Low-Dimensional Federated Knowledge Graph Embedding via Knowledge Distillation
Xiaoxiong Zhang, Zhiwei Zeng, Xin Zhou, Chunyan Miao
TL;DR
This work tackles the challenge of deploying efficient knowledge graph embeddings in federated settings by introducing FedKD, a knowledge-distillation based component that transfers knowledge from a high-dimensional teacher to a low-dimensional student during client local training. FedKD adds a soft-label KD loss via KL divergence and employs Adaptive Asymmetric Temperature Scaling to mitigate teacher over-confidence, while dynamically balancing hard and soft losses across training. Evaluated by applying FedKD to the FedE FKGE framework across FB-R3, FB-R5, and FB-R10 with TransE, RotatE, and ComplEx, the approach achieves roughly half the embedding size (256 to 128) with minimal or no loss in performance, and even notable gains in some cases.

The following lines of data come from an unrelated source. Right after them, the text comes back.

(* Let $M$ be an object of an abelian category $\mathcal A$. Then: (1) $M$ is (strongly) self-Rickart if and only if for every split fully invariant short exact sequence $0\to F\to M\to C\to 0$, $M$ is (strongly) self-$F$-split. (2) $M$ is dual (strongly) self-Rickart if and only if for every split fully invariant short exact sequence $0\to F\to M\to C\to 0$, $M$ is dual (strongly) self-$F$-split.
   Context: Convention: each statement containing parenthetical words holds in two versions: one obtained by deleting all parenthetical words and one obtained by keeping all of them. Let $\mathcal A$ be an abelian category. A morphism $s:X\to Y$ is a section if $ts=1_X$ for some $t$, and a retraction if $st=1_Y$ for some $t$. A monomorphism $i:K\to M$ is fully invariant if for every morphism $h:M\to M$ there is $\alpha:K\to K$ with $hi=i\alpha$; an epimorphism $d:M\to C$ is fully coinvariant if for every $h:M\to M$ there is $\beta:C\to C$ with $dh=\beta d$. A short exact sequence $0\to F\xrightarrow{i}M\xrightarrow{d}C\to 0$ is fully invariant if $i$ is fully invariant. $M$ is (strongly) self-$F$-split if for every morphism $g:M\to M$, $\ker(dg)$ is a (fully invariant) section; $M$ is dual (strongly) self-$F$-split if for every morphism $g:M\to M$, $\mathrm{coker}(gi)$ is a (fully coinvariant) retraction. $M$ is (strongly) self-Rickart if for every morphism $f:M\to M$, $\ker(f)$ is a (fully invariant) section, and dual (strongly) self-Rickart if for every $f:M\to M$, $\mathrm{coker}(f)$ is a (fully coinvariant) retraction. *)

From HB Require Import structures.
From mathcomp Require Import all_boot all_algebra.
Set Implicit Arguments. Unset Strict Implicit. Unset Printing Implicit Defensive.
Import GRing.Theory.
Local Open Scope ring_scope.

Record PreAdd := {
  Ob : Type;
  Mor : Ob -> Ob -> zmodType;
  idm : forall A, Mor A A;
  comp : forall A B C, Mor B C -> Mor A B -> Mor A C;
  comp_id_l : forall A B (f : Mor A B), comp (idm B) f = f;
  comp_id_r : forall A B (f : Mor A B), comp f (idm A) = f;
  comp_assoc : forall A B C D (h : Mor C D) (g : Mor B C) (f : Mor A B),
      comp h (comp g f) = comp (comp h g) f;
  comp_addl : forall A B C (g g' : Mor B C) (f : Mor A B),
      comp (g + g') f = comp g f + comp g' f;
  comp_addr : forall A B C (g : Mor B C) (f f' : Mor A B),
      comp g (f + f') = comp g f + comp g f'
}.
Arguments idm {p} A.
Arguments comp {p A B C}.

Notation "g \oc f" := (comp g f) (at level 40, left associativity).

Section Notions.
Variable C : PreAdd.

Definition mono {A B : Ob C} (f : Mor A B) : Prop :=
  forall X (g h : Mor X A), f \oc g = f \oc h -> g = h.
Definition epi {A B : Ob C} (f : Mor A B) : Prop :=
  forall X (g h : Mor B X), g \oc f = h \oc f -> g = h.

Definition is_kernel {K A B : Ob C} (k : Mor K A) (f : Mor A B) : Prop :=
  f \oc k = 0 /\
  forall X (x : Mor X A), f \oc x = 0 -> exists! y : Mor X K, k \oc y = x.

Definition is_cokernel {A B Q : Ob C} (q : Mor B Q) (f : Mor A B) : Prop :=
  q \oc f = 0 /\
  forall X (x : Mor B X), x \oc f = 0 -> exists! y : Mor Q X, y \oc q = x.

Definition is_zero_object (Z : Ob C) : Prop :=
  forall X, (forall f g : Mor Z X, f = g) /\ (forall f g : Mor X Z, f = g).

Definition is_biproduct (A B P : Ob C) (p1 : Mor P A) (p2 : Mor P B)
  (i1 : Mor A P) (i2 : Mor B P) : Prop :=
  [/\ p1 \oc i1 = idm A, p2 \oc i2 = idm B, p1 \oc i2 = 0, p2 \oc i1 = 0
    & i1 \oc p1 + i2 \oc p2 = idm P].

Definition abelian : Prop :=
  (exists Z, is_zero_object Z) /\
  (forall A B, exists P (p1 : Mor P A) (p2 : Mor P B) i1 i2,
      is_biproduct p1 p2 i1 i2) /\
  (forall A B (f : Mor A B), exists K (k : Mor K A), is_kernel k f) /\
  (forall A B (f : Mor A B), exists Q (q : Mor B Q), is_cokernel q f) /\
  (forall A B (f : Mor A B), mono f -> exists Q (q : Mor B Q), is_kernel f q) /\
  (forall A B (f : Mor A B), epi f -> exists K (k : Mor K A), is_cokernel f k).

Definition section {X Y : Ob C} (s : Mor X Y) : Prop :=
  exists t : Mor Y X, t \oc s = idm X.
Definition retraction {X Y : Ob C} (s : Mor X Y) : Prop :=
  exists t : Mor Y X, s \oc t = idm Y.

Definition fully_invariant {K M : Ob C} (i : Mor K M) : Prop :=
  mono i /\ forall h : Mor M M, exists a : Mor K K, h \oc i = i \oc a.
Definition fully_coinvariant {M Q : Ob C} (d : Mor M Q) : Prop :=
  epi d /\ forall h : Mor M M, exists b : Mor Q Q, d \oc h = b \oc d.

Definition short_exact {F M Q : Ob C} (i : Mor F M) (d : Mor M Q) : Prop :=
  mono i /\ epi d /\ is_kernel i d /\ is_cokernel d i.
Definition split_ses {F M Q : Ob C} (i : Mor F M) (d : Mor M Q) : Prop :=
  short_exact i d /\ section i.
Definition fully_invariant_ses {F M Q : Ob C} (i : Mor F M) (d : Mor M Q) : Prop :=
  short_exact i d /\ fully_invariant i.

(* "ker f is a (fully invariant) section": every kernel of f is one
   (kernels exist and are unique up to iso in an abelian category). *)
Definition ker_section {A B : Ob C} (f : Mor A B) : Prop :=
  forall K (k : Mor K A), is_kernel k f -> section k.
Definition ker_fi_section {A B : Ob C} (f : Mor A B) : Prop :=
  forall K (k : Mor K A), is_kernel k f -> section k /\ fully_invariant k.
Definition coker_retraction {A B : Ob C} (f : Mor A B) : Prop :=
  forall Q (q : Mor B Q), is_cokernel q f -> retraction q.
Definition coker_fc_retraction {A B : Ob C} (f : Mor A B) : Prop :=
  forall Q (q : Mor B Q), is_cokernel q f -> retraction q /\ fully_coinvariant q.

Definition self_Rickart (M : Ob C) : Prop :=
  forall f : Mor M M, ker_section f.
Definition strongly_self_Rickart (M : Ob C) : Prop :=
  forall f : Mor M M, ker_fi_section f.
Definition dual_self_Rickart (M : Ob C) : Prop :=
  forall f : Mor M M, coker_retraction f.
Definition dual_strongly_self_Rickart (M : Ob C) : Prop :=
  forall f : Mor M M, coker_fc_retraction f.

Definition self_F_split {F M Q : Ob C} (i : Mor F M) (d : Mor M Q) : Prop :=
  forall g : Mor M M, ker_section (d \oc g).
Definition strongly_self_F_split {F M Q : Ob C} (i : Mor F M) (d : Mor M Q) : Prop :=
  forall g : Mor M M, ker_fi_section (d \oc g).
Definition dual_self_F_split {F M Q : Ob C} (i : Mor F M) (d : Mor M Q) : Prop :=
  forall g : Mor M M, coker_retraction (g \oc i).
Definition dual_strongly_self_F_split {F M Q : Ob C} (i : Mor F M) (d : Mor M Q) : Prop :=
  forall g : Mor M M, coker_fc_retraction (g \oc i).

End Notions.

(* A split sequence 0 -> F -i-> M -d-> Q -> 0 with retraction t of i lets one
   replace d by the idempotent 1 - i t and the map g i : F -> M by g i t : M -> M
   without changing kernels resp. cokernels, so the Rickart conditions on the
   endomorphisms (1 - i t) g and g i t give the F-split conditions.  Conversely
   the trivial split fully invariant sequences 0 -> 0 -> M -1-> M -> 0 and
   0 -> M -1-> M -> 0 -> 0 turn the F-split conditions back into the Rickart
   conditions. *)
From mathcomp Require Import all_boot all_algebra.
Set Implicit Arguments. Unset Strict Implicit. Unset Printing Implicit Defensive.
Import GRing.Theory.
Local Open Scope ring_scope.

Section PreAdditive.
Variable C : PreAdd.
Implicit Types A B F M Q X : Ob C.

Lemma comp0l A B D (f : Mor A B) : (0 : Mor B D) \oc f = 0.
Proof.
apply: (@addrI _ (0 \oc f)).
by rewrite -comp_addl !addr0.
Qed.

Lemma comp0r A B D (g : Mor B D) : g \oc (0 : Mor A B) = 0.
Proof.
apply: (@addrI _ (g \oc 0)).
by rewrite -comp_addr !addr0.
Qed.

Lemma compNl A B D (g : Mor B D) (f : Mor A B) : (- g) \oc f = - (g \oc f).
Proof. by apply/eqP; rewrite -addr_eq0 -comp_addl addNr comp0l. Qed.

Definition ker_equiv A B B' (f : Mor A B) (f' : Mor A B') : Prop :=
  forall X (x : Mor X A), f \oc x = 0 <-> f' \oc x = 0.

Definition coker_equiv A A' B (f : Mor A B) (f' : Mor A' B) : Prop :=
  forall X (x : Mor B X), x \oc f = 0 <-> x \oc f' = 0.

Lemma ker_equiv_compr A A' B B' (f : Mor A B) (f' : Mor A B') (g : Mor A' A) :
  ker_equiv f f' -> ker_equiv (f \oc g) (f' \oc g).
Proof. by move=> E X x; rewrite -!comp_assoc. Qed.

Lemma is_kernel_equiv K A B B' (k : Mor K A) (f : Mor A B) (f' : Mor A B') :
  ker_equiv f f' -> is_kernel k f -> is_kernel k f'.
Proof. by move=> E [/E fk0 univ]; split=> // X x /E; apply: univ. Qed.

Lemma is_cokernel_equiv Q A A' B (q : Mor B Q) (f : Mor A B) (f' : Mor A' B) :
  coker_equiv f f' -> is_cokernel q f -> is_cokernel q f'.
Proof. by move=> E [/E qf0 univ]; split=> // X x /E; apply: univ. Qed.

Lemma ker_section_equiv A B B' (f : Mor A B) (f' : Mor A B') :
  ker_equiv f f' -> ker_section f' -> ker_section f.
Proof. by move=> E sf' K k /(is_kernel_equiv E); apply: sf'. Qed.

Lemma ker_fi_section_equiv A B B' (f : Mor A B) (f' : Mor A B') :
  ker_equiv f f' -> ker_fi_section f' -> ker_fi_section f.
Proof. by move=> E sf' K k /(is_kernel_equiv E); apply: sf'. Qed.

Lemma coker_retraction_equiv A A' B (f : Mor A B) (f' : Mor A' B) :
  coker_equiv f f' -> coker_retraction f' -> coker_retraction f.
Proof. by move=> E rf' Q q /(is_cokernel_equiv E); apply: rf'. Qed.

Lemma coker_fc_retraction_equiv A A' B (f : Mor A B) (f' : Mor A' B) :
  coker_equiv f f' -> coker_fc_retraction f' -> coker_fc_retraction f.
Proof. by move=> E rf' Q q /(is_cokernel_equiv E); apply: rf'. Qed.

Lemma split_ker_equiv F M Q (i : Mor F M) (d : Mor M Q) (t : Mor M F) :
  is_kernel i d -> t \oc i = idm F -> ker_equiv d (idm M - i \oc t).
Proof.
move=> [di0 univ] ti X x; rewrite comp_addl compNl comp_id_l.
split=> [/univ [y [<- _]] | /eqP].
  by rewrite -comp_assoc (comp_assoc t) ti comp_id_l subrr.
rewrite subr_eq0 => /eqP ->.
by rewrite -comp_assoc !comp_assoc di0 !comp0l.
Qed.

Lemma retraction_coker_equiv A A' B (f : Mor A B) (t : Mor A' A) :
  retraction t -> coker_equiv f (f \oc t).
Proof.
move=> [s ts] X x; split=> [xf0 | xft0]; first by rewrite comp_assoc xf0 comp0l.
by rewrite -[f]comp_id_r -ts !comp_assoc -(comp_assoc x) xft0 comp0l.
Qed.

Lemma mono_idm A : mono (idm A).
Proof. by move=> X g h; rewrite !comp_id_l. Qed.

Lemma epi_idm A : epi (idm A).
Proof. by move=> X g h; rewrite !comp_id_r. Qed.

Lemma is_kernel_idm A B : is_kernel (idm A) (0 : Mor A B).
Proof.
split=> [|X x _]; first exact: comp0l.
by exists x; split=> [|y]; rewrite comp_id_l.
Qed.

Lemma is_cokernel_idm A B : is_cokernel (idm B) (0 : Mor A B).
Proof.
split=> [|X x _]; first exact: comp0r.
by exists x; split=> [|y]; rewrite comp_id_r.
Qed.

Section ZeroObject.
Variable Z : Ob C.
Hypothesis Z0 : is_zero_object Z.

Lemma mono_from_zero A (f : Mor Z A) : mono f.
Proof. by move=> X g h _; apply: (Z0 X).2. Qed.

Lemma epi_to_zero A (f : Mor A Z) : epi f.
Proof. by move=> X g h _; apply: (Z0 X).1. Qed.

Lemma mono_is_kernel_zero A B (f : Mor A B) : mono f -> is_kernel (0 : Mor Z A) f.
Proof.
move=> mf; split=> [|X x fx0]; first exact: comp0r.
exists 0; split=> [|y _]; last exact: (Z0 X).2.
by rewrite comp0l; apply: mf; rewrite fx0 comp0r.
Qed.

Lemma epi_is_cokernel_zero A B (f : Mor A B) : epi f -> is_cokernel (0 : Mor B Z) f.
Proof.
move=> ef; split=> [|X x xf0]; first exact: comp0l.
exists 0; split=> [|y _]; last exact: (Z0 X).1.
by rewrite comp0r; apply: ef; rewrite xf0 comp0l.
Qed.

Lemma split_fi_ses_zero_idm M :
  split_ses (0 : Mor Z M) (idm M) /\ fully_invariant_ses (0 : Mor Z M) (idm M).
Proof.
have ses : short_exact (0 : Mor Z M) (idm M).
  split; first exact: mono_from_zero.
  split; first exact: epi_idm.
  split; [exact: mono_is_kernel_zero (@mono_idm M) | exact: is_cokernel_idm].
split; split=> //; first by exists 0; apply: (Z0 Z).1.
by split=> [|h]; [exact: mono_from_zero | exists (idm Z); apply: (Z0 M).1].
Qed.

Lemma split_fi_ses_idm_zero M :
  split_ses (idm M) (0 : Mor M Z) /\ fully_invariant_ses (idm M) (0 : Mor M Z).
Proof.
have ses : short_exact (idm M) (0 : Mor M Z).
  split; first exact: mono_idm.
  split; first exact: epi_to_zero.
  split; [exact: is_kernel_idm | exact: epi_is_cokernel_zero (@epi_idm M)].
split; split=> //; first by exists (idm M); rewrite comp_id_l.
by split=> [|h]; [exact: mono_idm | exists h; rewrite comp_id_l comp_id_r].
Qed.

End ZeroObject.

Lemma self_Rickart_F_split F M Q (i : Mor F M) (d : Mor M Q) :
  self_Rickart M -> split_ses i d -> self_F_split i d.
Proof.
move=> HM [[_ [_ [ki _]]] [t ti]] g.
exact: ker_section_equiv (ker_equiv_compr g (split_ker_equiv ki ti)) (HM _).
Qed.

Lemma strongly_self_Rickart_F_split F M Q (i : Mor F M) (d : Mor M Q) :
  strongly_self_Rickart M -> split_ses i d -> strongly_self_F_split i d.
Proof.
move=> HM [[_ [_ [ki _]]] [t ti]] g.
exact: ker_fi_section_equiv (ker_equiv_compr g (split_ker_equiv ki ti)) (HM _).
Qed.

Lemma dual_self_Rickart_F_split F M Q (i : Mor F M) (d : Mor M Q) :
  dual_self_Rickart M -> split_ses i d -> dual_self_F_split i d.
Proof.
move=> HM [_ [t ti]] g; apply: coker_retraction_equiv (HM (g \oc i \oc t)).
by apply: retraction_coker_equiv; exists i.
Qed.

Lemma dual_strongly_self_Rickart_F_split F M Q (i : Mor F M) (d : Mor M Q) :
  dual_strongly_self_Rickart M -> split_ses i d -> dual_strongly_self_F_split i d.
Proof.
move=> HM [_ [t ti]] g; apply: coker_fc_retraction_equiv (HM (g \oc i \oc t)).
by apply: retraction_coker_equiv; exists i.
Qed.

Lemma self_F_split_idm F M (i : Mor F M) : self_F_split i (idm M) -> self_Rickart M.
Proof. by move=> H f; rewrite -[f]comp_id_l; apply: H. Qed.

Lemma strongly_self_F_split_idm F M (i : Mor F M) :
  strongly_self_F_split i (idm M) -> strongly_self_Rickart M.
Proof. by move=> H f; rewrite -[f]comp_id_l; apply: H. Qed.

Lemma dual_self_F_split_idm M Q (d : Mor M Q) :
  dual_self_F_split (idm M) d -> dual_self_Rickart M.
Proof. by move=> H f; rewrite -[f]comp_id_r; apply: H. Qed.

Lemma dual_strongly_self_F_split_idm M Q (d : Mor M Q) :
  dual_strongly_self_F_split (idm M) d -> dual_strongly_self_Rickart M.
Proof. by move=> H f; rewrite -[f]comp_id_r; apply: H. Qed.

End PreAdditive.

Theorem corollary4p4 (C : PreAdd) (HC : abelian C) (M : Ob C) :
  (self_Rickart M <->
     (forall (F Q : Ob C) (i : Mor F M) (d : Mor M Q),
        split_ses i d -> fully_invariant_ses i d -> self_F_split i d)) /\
  (strongly_self_Rickart M <->
     (forall (F Q : Ob C) (i : Mor F M) (d : Mor M Q),
        split_ses i d -> fully_invariant_ses i d -> strongly_self_F_split i d)) /\
  (dual_self_Rickart M <->
     (forall (F Q : Ob C) (i : Mor F M) (d : Mor M Q),
        split_ses i d -> fully_invariant_ses i d -> dual_self_F_split i d)) /\
  (dual_strongly_self_Rickart M <->
     (forall (F Q : Ob C) (i : Mor F M) (d : Mor M Q),
        split_ses i d -> fully_invariant_ses i d -> dual_strongly_self_F_split i d)).
Proof.
have [Z Z0] := HC.1.
have [s0 fi0] := split_fi_ses_zero_idm Z0 M.
have [s1 fi1] := split_fi_ses_idm_zero Z0 M.
split; [|split; [|split]]; split.
- by move=> HM F Q i d sid _; apply: self_Rickart_F_split.
- by move=> H; apply: self_F_split_idm (H _ _ _ _ s0 fi0).
- by move=> HM F Q i d sid _; apply: strongly_self_Rickart_F_split.
- by move=> H; apply: strongly_self_F_split_idm (H _ _ _ _ s0 fi0).
- by move=> HM F Q i d sid _; apply: dual_self_Rickart_F_split.
- by move=> H; apply: dual_self_F_split_idm (H _ _ _ _ s1 fi1).
- by move=> HM F Q i d sid _; apply: dual_strongly_self_Rickart_F_split.
- by move=> H; apply: dual_strongly_self_F_split_idm (H _ _ _ _ s1 fi1).
Qed.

The methodology enables practical, privacy-preserving FKGE deployment on resource-constrained devices by reducing communication and storage burdens without sacrificing accuracy.
Abstract
Federated Knowledge Graph Embedding (FKGE) aims to facilitate collaborative learning of entity and relation embeddings from distributed Knowledge Graphs (KGs) across multiple clients, while preserving data privacy. Training FKGE models with higher dimensions is typically favored due to their potential for achieving superior performance. However, high-dimensional embeddings present significant challenges in terms of storage resource and inference speed. Unlike traditional KG embedding methods, FKGE involves multiple client-server communication rounds, where communication efficiency is critical. Existing embedding compression methods for traditional KGs may not be directly applicable to FKGE as they often require multiple model trainings which potentially incur substantial communication costs. In this paper, we propose a light-weight component based on Knowledge Distillation (KD) which is titled FedKD and tailored specifically for FKGE methods. During client-side local training, FedKD facilitates the low-dimensional student model to mimic the score distribution of triples from the high-dimensional teacher model using KL divergence loss. Unlike traditional KD way, FedKD adaptively learns a temperature to scale the score of positive triples and separately adjusts the scores of corresponding negative triples using a predefined temperature, thereby mitigating teacher over-confidence issue. Furthermore, we dynamically adjust the weight of KD loss to optimize the training process. Extensive experiments on three datasets support the effectiveness of FedKD.